Editorial: Colômbia, para além da paz

12 março 2015
Editorial: Colômbia, para além da paz

"A Colômbia deixou para trás a pergunta sobre quando se chegará à paz para questionar, com esperança e expectativa, o que lhe espera para além disso. O dilema acerca de se o fim da guerra virá ou não, e quando virá, deu lugar à urgência de imaginar, de dar forma, rosto e significado à Colômbia do fim do conflito."

Por isso, o ponto de chegada – a desejada assinatura de um acordo – é na realidade um ponto de partida. É uma oportunidade para construir uma sociedade que, após cinco décadas de guerra, possa voltar a conviver. Mas é também um caminho que se constrói com múltiplos significados.

Para as famílias das cem mil pessoas desaparecidas no país, não haverá paz até que tenham resposta à pergunta que marca as suas vidas: "Onde está o meu ente querido?" Para os que vivem nas áreas contaminadas por artefatos explosivos, a paz chegará quando puderem cultivar, ir à escola ou simplesmente passear sem medo de perder uma extremidade do corpo ou a própria vida. Para os menores que vivem separados dos seus entes queridos em virtude do conflito armado, a paz virá quando puderem abraçá-los de novo e recomeçar, assim, as suas vidas.

O Comitê Internacional da Cruz Vermelha (CICV) está há mais de quatro décadas ao lado das vítimas do conflito e da violência armada na Colômbia. Hoje, mais do que nunca, a organização reitera o seu compromisso de seguir acompanhando o país nessa travessia, para levar um significado humanitário a essa Colômbia que caminha para além da paz.

Várias são as problemáticas humanitárias que permaneceriam após a assinatura de um acordo e que preocupam o CICV. Os desaparecimentos, a contaminação por armas e a separação dos menores das suas famílias são apenas algumas delas. Também é importante recordar que o Direito Internacional Humanitário (DIH) continuará vigente após o eventual fim da guerra, regulando – por exemplo – alguns aspectos da detenção das pessoas privadas de liberdade em decorrência do conflito e as obrigações das partes no esclarecimento dos casos de desaparecimento.

Sem dúvida, o momento é histórico. O CICV não pode senão olhar com certo otimismo a nova realidade que as conversações de paz entre o governo e as Forças Armadas Revolucionárias da Colômbia (Farc-EP) em Havana, Cuba, poderiam trazer ao território colombiano e às vidas de milhões de mulheres e homens que não conheceram outra Colômbia a não ser a da guerra. Por isso, a organização espera que a sua ação humanitária siga contribuindo para o fortalecimento desse importante processo e agradece às partes pela confiança no seu trabalho.

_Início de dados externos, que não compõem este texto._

(* Let $L$ be any finite-dimensional Lie algebra over a field $F$. Then $\phi^*(L)=R(L)$, the solvable radical of $L$.
   Context: For a nonzero subalgebra $X$ of $L$, the strict core $k(X)$ is the sum of all ideals of $L$ that are proper subalgebras of $X$ (it is $0$ if there are none). For a maximal subalgebra $M$ of $L$, a subalgebra $C$ is a completion of $M$ if $C\not\subseteq M$ but every proper subalgebra of $C$ that is an ideal of $L$ is contained in $M$; an ideal completion is a completion that is an ideal of $L$; an abelian ideal completion is an ideal completion $C$ with $C/k(C)$ abelian. $F^*(L)$ is the intersection of all maximal subalgebras of $L$ which have no abelian ideal completion (with $F^*(L)=L$ if there are no such maximal subalgebras), and $\phi^*(L)$ is the largest ideal of $L$ contained in $F^*(L)$. $R(L)$ is the largest solvable ideal of $L$. *)

From HB Require Import structures.
From mathcomp Require Import all_boot all_algebra.
Set Implicit Arguments. Unset Strict Implicit. Unset Printing Implicit Defensive.
Import GRing.Theory.
Local Open Scope ring_scope.

Definition is_lie (F : fieldType) (L : vectType F) (br : L -> L -> L) : Prop :=
  [/\ forall a x y z, br (a *: x + y) z = a *: br x z + br y z,
      forall a x y z, br z (a *: x + y) = a *: br z x + br z y,
      forall x, br x x = 0 &
      forall x y z, br x (br y z) + br y (br z x) + br z (br x y) = 0].

Section Lie.
Variables (F : fieldType) (L : vectType F) (br : L -> L -> L).

Definition subalg (A : {vspace L}) : Prop :=
  forall x y, x \in A -> y \in A -> br x y \in A.

Definition ideal (A : {vspace L}) : Prop :=
  forall x y, y \in A -> br x y \in A.

(* [A, B]: the subspace spanned by all brackets [a, b] (spanned by brackets
   of basis vectors, by bilinearity) *)
Definition lbr (A B : {vspace L}) : {vspace L} :=
  <<[seq br a b | a <- vbasis A, b <- vbasis B]>>%VS.

Fixpoint derived (A : {vspace L}) (n : nat) : {vspace L} :=
  match n with
  | 0 => A
  | n.+1 => lbr (derived A n) (derived A n)
  end.

Definition solvable (A : {vspace L}) : Prop := exists n, derived A n = 0%VS.

Definition max_subalg (M : {vspace L}) : Prop :=
  [/\ subalg M, M <> fullv &
      forall A, subalg A -> (M <= A)%VS -> A = M \/ A = fullv].

(* K is the strict core k(X): the sum of all ideals of L that are proper
   subalgebras of X, i.e. the least subspace containing all of them
   (0 if there are none). *)
Definition strict_core_spec (X K : {vspace L}) : Prop :=
  (forall I, ideal I -> subalg I -> (I <= X)%VS -> I <> X -> (I <= K)%VS) /\
  (forall K', (forall I, ideal I -> subalg I -> (I <= X)%VS -> I <> X ->
                 (I <= K')%VS) -> (K <= K')%VS).

Definition completion (M C : {vspace L}) : Prop :=
  [/\ subalg C, ~ (C <= M)%VS &
      forall I, subalg I -> ideal I -> (I <= C)%VS -> I <> C -> (I <= M)%VS].

Definition ideal_completion (M C : {vspace L}) : Prop :=
  completion M C /\ ideal C.

(* C / k(C) abelian, i.e. [C, C] <= k(C) *)
Definition abelian_ideal_completion (M C : {vspace L}) : Prop :=
  ideal_completion M C /\
  exists K, strict_core_spec C K /\ (lbr C C <= K)%VS.

(* membership in F*(L): the intersection of all maximal subalgebras having
   no abelian ideal completion (all of L if there are none) *)
Definition in_Fstar (x : L) : Prop :=
  forall M, max_subalg M -> ~ (exists C, abelian_ideal_completion M C) ->
    x \in M.

Definition is_phistar (P : {vspace L}) : Prop :=
  [/\ ideal P, (forall x, x \in P -> in_Fstar x) &
      forall I, ideal I -> (forall x, x \in I -> in_Fstar x) -> (I <= P)%VS].

Definition is_radical (R : {vspace L}) : Prop :=
  [/\ ideal R, solvable R &
      forall I, ideal I -> solvable I -> (I <= R)%VS].

End Lie.

(* R(L) <= F*(L): if a maximal subalgebra M misses the solvable radical, a
   minimal ideal C of L inside R(L) but not inside M is an ideal completion of
   M, and C / k(C) is abelian because [C, C] is a proper ideal of C.
   Conversely, let I <= F*(L) be a non-solvable ideal, P = [P, P] <> 0 the
   limit of its derived series, and J a maximal ideal of L not containing P.
   Some maximal subalgebra M >= J misses P: otherwise, by Fitting's lemma,
   every element of P + J acts nilpotently on L / J, and Engel's lemma gives
   P + J <> [P + J, P + J] + J, contradicting P = [P, P].  Such an M has no
   abelian ideal completion C, since P <= C + J would force
   P = [P, P] <= J + [C, C] <= J + k(C) <= M.  Hence I <= M, a contradiction. *)

From HB Require Import structures.
From mathcomp Require Import all_boot all_algebra.
From Stdlib Require Import Classical.
Set Implicit Arguments. Unset Strict Implicit. Unset Printing Implicit Defensive.
Import GRing.Theory.
Local Open Scope ring_scope.

Section ExtremalSubspaces.
Variables (F : fieldType) (L : vectType F).

Lemma dimv_proper (U V : {vspace L}) : (U <= V)%VS -> U <> V -> (\dim U < \dim V)%N.
Proof. by move=> sUV neUV; rewrite (ltn_leqif (dimv_leqif_eq sUV)); apply/eqP. Qed.

Lemma ex_minspace (P : {vspace L} -> Prop) A0 : P A0 ->
  exists2 A, P A & forall B, P B -> (B <= A)%VS -> B = A.
Proof.
have [n] := ubnP (\dim A0); elim: n A0 => // n IH A0 ltA0n PA0.
case: (classic (exists B, [/\ P B, (B <= A0)%VS & B <> A0])) => [[B [PB sBA neBA]]|noB].
  by apply: (IH B) => //; exact: leq_trans (dimv_proper sBA neBA) _.
exists A0 => // B PB sBA; apply: NNPP => neBA; apply: noB; by exists B.
Qed.

Lemma ex_maxspace (P : {vspace L} -> Prop) A0 : P A0 ->
  exists2 A, P A & forall B, P B -> (A <= B)%VS -> B = A.
Proof.
have [n] := ubnP (\dim (fullv : {vspace L}) - \dim A0).
elim: n A0 => // n IH A0 ltA0n PA0.
case: (classic (exists B, [/\ P B, (A0 <= B)%VS & B <> A0])) => [[B [PB sAB neBA]]|noB].
  have ltAB := dimv_proper sAB (nesym neBA).
  rewrite ltnS in ltA0n; apply: (IH B) => //; apply: leq_trans ltA0n.
  by apply: ltn_sub2l => //; exact: leq_trans ltAB (dimvS (subvf B)).
exists A0 => // B PB sAB; apply: NNPP => neBA; apply: noB; by exists B.
Qed.

End ExtremalSubspaces.

Arguments ex_minspace {F L} P {A0}.
Arguments ex_maxspace {F L} P {A0}.

Section LieAlgebra.
Variables (F : fieldType) (L : vectType F) (br : L -> L -> L).
Hypothesis lieL : is_lie br.
Implicit Types A B C H I J K M P S U W X : {vspace L}.

(* [adl x] and [adr z] name [br x] and [br ^~ z], to carry their linear
   structures. *)
Definition adl x := br x.
Definition adr z y := br y z.
Fact adl_is_linear x : linear (adl x).
Proof. by move=> a u v; case: lieL => _ brDZr _ _; apply: brDZr. Qed.
Fact adr_is_linear z : linear (adr z).
Proof. by move=> a u v; case: lieL => brDZl _ _ _; apply: brDZl. Qed.
HB.instance Definition _ x := GRing.isLinear.Build F L L *:%R (adl x) (adl_is_linear x).
HB.instance Definition _ z := GRing.isLinear.Build F L L *:%R (adr z) (adr_is_linear z).

Lemma brDr x u v : br x (u + v) = br x u + br x v. Proof. exact: (raddfD (adl x)). Qed.
Lemma brDl x u v : br (u + v) x = br u x + br v x. Proof. exact: (raddfD (adr x)). Qed.
Lemma brZr x a u : br x (a *: u) = a *: br x u. Proof. exact: (linearZZ (adl x)). Qed.
Lemma brZl x a u : br (a *: u) x = a *: br u x. Proof. exact: (linearZZ (adr x)). Qed.
Lemma br0r x : br x 0 = 0. Proof. exact: (raddf0 (adl x)). Qed.
Lemma br0l x : br 0 x = 0. Proof. exact: (raddf0 (adr x)). Qed.
Lemma brNr x u : br x (- u) = - br x u. Proof. exact: (raddfN (adl x)). Qed.

Lemma br_sumr x (T : Type) r (P : pred T) (G : T -> L) :
  br x (\sum_(i <- r | P i) G i) = \sum_(i <- r | P i) br x (G i).
Proof. exact: (linear_sum (adl x)). Qed.
Lemma br_suml x (T : Type) r (P : pred T) (G : T -> L) :
  br (\sum_(i <- r | P i) G i) x = \sum_(i <- r | P i) br (G i) x.
Proof. exact: (linear_sum (adr x)). Qed.

Lemma brxx x : br x x = 0. Proof. by case: lieL. Qed.

Lemma brC x y : br y x = - br x y.
Proof.
apply/eqP; rewrite -addr_eq0 addrC.
by have := brxx (x + y); rewrite brDl !brDr !brxx add0r addr0 => ->.
Qed.

Lemma br_deriv x y z : br x (br y z) = br (br x y) z + br y (br x z).
Proof.
case: lieL => _ _ _ /(_ x y z) /eqP.
rewrite (brC x z) brNr (brC (br x y) z) -addrA addr_eq0 => /eqP ->.
by rewrite opprD !opprK addrC.
Qed.

Definition ad x : 'End(L) := linfun (adl x).
Lemma adE x y : ad x y = br x y. Proof. by rewrite lfunE. Qed.

Lemma ideal_subalg A : ideal br A -> subalg br A.
Proof. by move=> idA x y _; apply: idA. Qed.

Lemma ideal_meml A x y : ideal br A -> x \in A -> br x y \in A.
Proof. by move=> idA xA; rewrite brC memvN; apply: idA. Qed.

Lemma ideal0 : ideal br 0%VS.
Proof. by move=> x y; rewrite memv0 => /eqP ->; rewrite br0r mem0v. Qed.

Lemma ideal_add I J : ideal br I -> ideal br J -> ideal br (I + J).
Proof.
move=> idI idJ x _ /memv_addP[i iI [j jJ ->]]; rewrite brDr.
by apply: memv_add; [apply: idI | apply: idJ].
Qed.

Lemma subalg_add_ideal S J : subalg br S -> ideal br J -> subalg br (S + J).
Proof.
move=> sS idJ _ _ /memv_addP[s sS' [j jJ ->]] /memv_addP[t tS [i iJ ->]].
rewrite brDl !brDr -addrA; apply: memv_add; first exact: sS.
by apply: memvD; [apply: idJ | apply: memvD; [apply: ideal_meml | apply: idJ]].
Qed.

Lemma subalg_add_line H y : subalg br H ->
  (forall h, h \in H -> br h y \in H) -> subalg br (H + <[y]>).
Proof.
move=> sH Hy _ _ /memv_addP[h hH [_ /vlineP[a ->] ->]]
  /memv_addP[k kH [_ /vlineP[b ->] ->]].
rewrite brDl !brDr !brZl !brZr brxx !scaler0 addr0 (brC k y) scalerN.
rewrite -[X in X \in _]addr0; apply: memv_add; last exact: mem0v.
by apply: memvD; [apply: memvD; [apply: sH | apply/memvZ/Hy] |
  rewrite memvN; apply/memvZ/Hy].
Qed.

Lemma memv_lbr A B x y : x \in A -> y \in B -> br x y \in lbr br A B.
Proof.
move=> xA yB; rewrite (coord_vbasis xA) (coord_vbasis yB) br_suml.
apply: memv_suml => i _; rewrite brZl br_sumr; apply: memvZ.
apply: memv_suml => j _; rewrite brZr; apply: memvZ.
by apply: memv_span; apply: allpairs_f; apply: mem_nth; rewrite size_tuple.
Qed.

Lemma lbr_sub A B S :
  (forall x y, x \in A -> y \in B -> br x y \in S) -> (lbr br A B <= S)%VS.
Proof.
move=> brABS; apply/span_subvP => _ /allpairsP[[a b] [/= aA bB ->]].
by apply: brABS; apply: vbasis_mem.
Qed.

Lemma lbrS A A' B B' : (A <= A')%VS -> (B <= B')%VS ->
  (lbr br A B <= lbr br A' B')%VS.
Proof.
move=> /subvP sAA' /subvP sBB'; apply: lbr_sub => x y xA yB.
by apply: memv_lbr; [apply: sAA' | apply: sBB'].
Qed.

Lemma lbr_subl A B : ideal br A -> (lbr br A B <= A)%VS.
Proof. by move=> idA; apply: lbr_sub => x y xA _; apply: ideal_meml. Qed.

Lemma lbr_ideal A B : ideal br A -> ideal br B -> ideal br (lbr br A B).
Proof.
move=> idA idB x y yAB; rewrite -adE; apply: (subvP _ _ (memv_img (ad x) yAB)).
rewrite limg_span; apply/span_subvP => _ /mapP[_ /allpairsP[[a b] [/= aA bB ->]] ->].
rewrite adE br_deriv; apply: memvD; apply: memv_lbr;
  by [apply: idA; apply: vbasis_mem | apply: idB; apply: vbasis_mem | apply: vbasis_mem].
Qed.

Lemma lbr_add_ideal I X : ideal br I ->
  (lbr br (I + X) (I + X) <= I + lbr br X X)%VS.
Proof.
move=> idI; apply: lbr_sub => _ _ /memv_addP[i iI [u uX ->]] /memv_addP[j jI [v vX ->]].
rewrite brDl !brDr addrA; apply: memv_add; last exact: memv_lbr.
by apply: memvD; [apply: memvD; apply: ideal_meml | apply: idI].
Qed.

Lemma derived_ideal A n : ideal br A -> ideal br (derived br A n).
Proof. by move=> idA; elim: n => //= n IH; apply: lbr_ideal. Qed.

Lemma derived_sub A n : ideal br A -> (derived br A n <= A)%VS.
Proof.
move=> idA; elim: n => [|n IH] /=; first exact: subvv.
apply: subv_trans IH; apply: lbr_subl; exact: derived_ideal.
Qed.

Lemma derivedS A B n : (A <= B)%VS -> (derived br A n <= derived br B n)%VS.
Proof. by move=> sAB; elim: n => //= n IH; apply: lbrS. Qed.

Lemma derivedD A m n : derived br (derived br A n) m = derived br A (m + n).
Proof. by elim: m => //= m ->. Qed.

Lemma derived0 n : derived br 0%VS n = 0%VS.
Proof.
elim: n => //= n ->; apply/eqP; rewrite -subv0; apply: lbr_sub => x y.
by rewrite memv0 => /eqP -> _; rewrite br0l mem0v.
Qed.

Lemma derived_add_ideal I X n : ideal br I ->
  (derived br (I + X) n <= I + derived br X n)%VS.
Proof.
move=> idI; elim: n => [|n IH] /=; first exact: subvv.
exact: subv_trans (lbrS IH IH) (lbr_add_ideal _ idI).
Qed.

Lemma solvable_add I J : ideal br I -> solvable br I -> solvable br J ->
  solvable br (I + J).
Proof.
move=> idI [m dIm] [n dJn]; exists (m + n); rewrite -derivedD.
apply/eqP; rewrite -subv0 -dIm; apply: derivedS.
by have := derived_add_ideal J n idI; rewrite dJn addv0.
Qed.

Aliviar o sofrimento que o conflito tem provocado há décadas na população civil deve ser uma prioridade dos diálogos de paz. Chegar o mais cedo possível a acordos humanitários entre as partes seria uma maneira efetiva de consegui-lo. Com o objetivo de melhorar as condições de vida da população, o CICV espera poder consolidar em breve um diálogo entre o governo da Colômbia e o Exército de Libertação Nacional (ELN), para o qual reafirma o seu compromisso como intermediário neutro e a disponibilidade constante do seu trabalho humanitário.

Dar um rosto à paz significa, necessariamente, dar resposta não apenas às vítimas da guerra mas também aos que sofrem com a violência dos grupos armados que, lamentavelmente, não promete terminar com o fim do conflito. Enquanto o país imagina como seria viver para além da paz, grande parte da população vive diariamente atingida por essa violência, que continua provocando intensas consequências. O compromisso do CICV é firme: seguir protegendo e dando assistência a essas vítimas, como tem feito nos últimos anos.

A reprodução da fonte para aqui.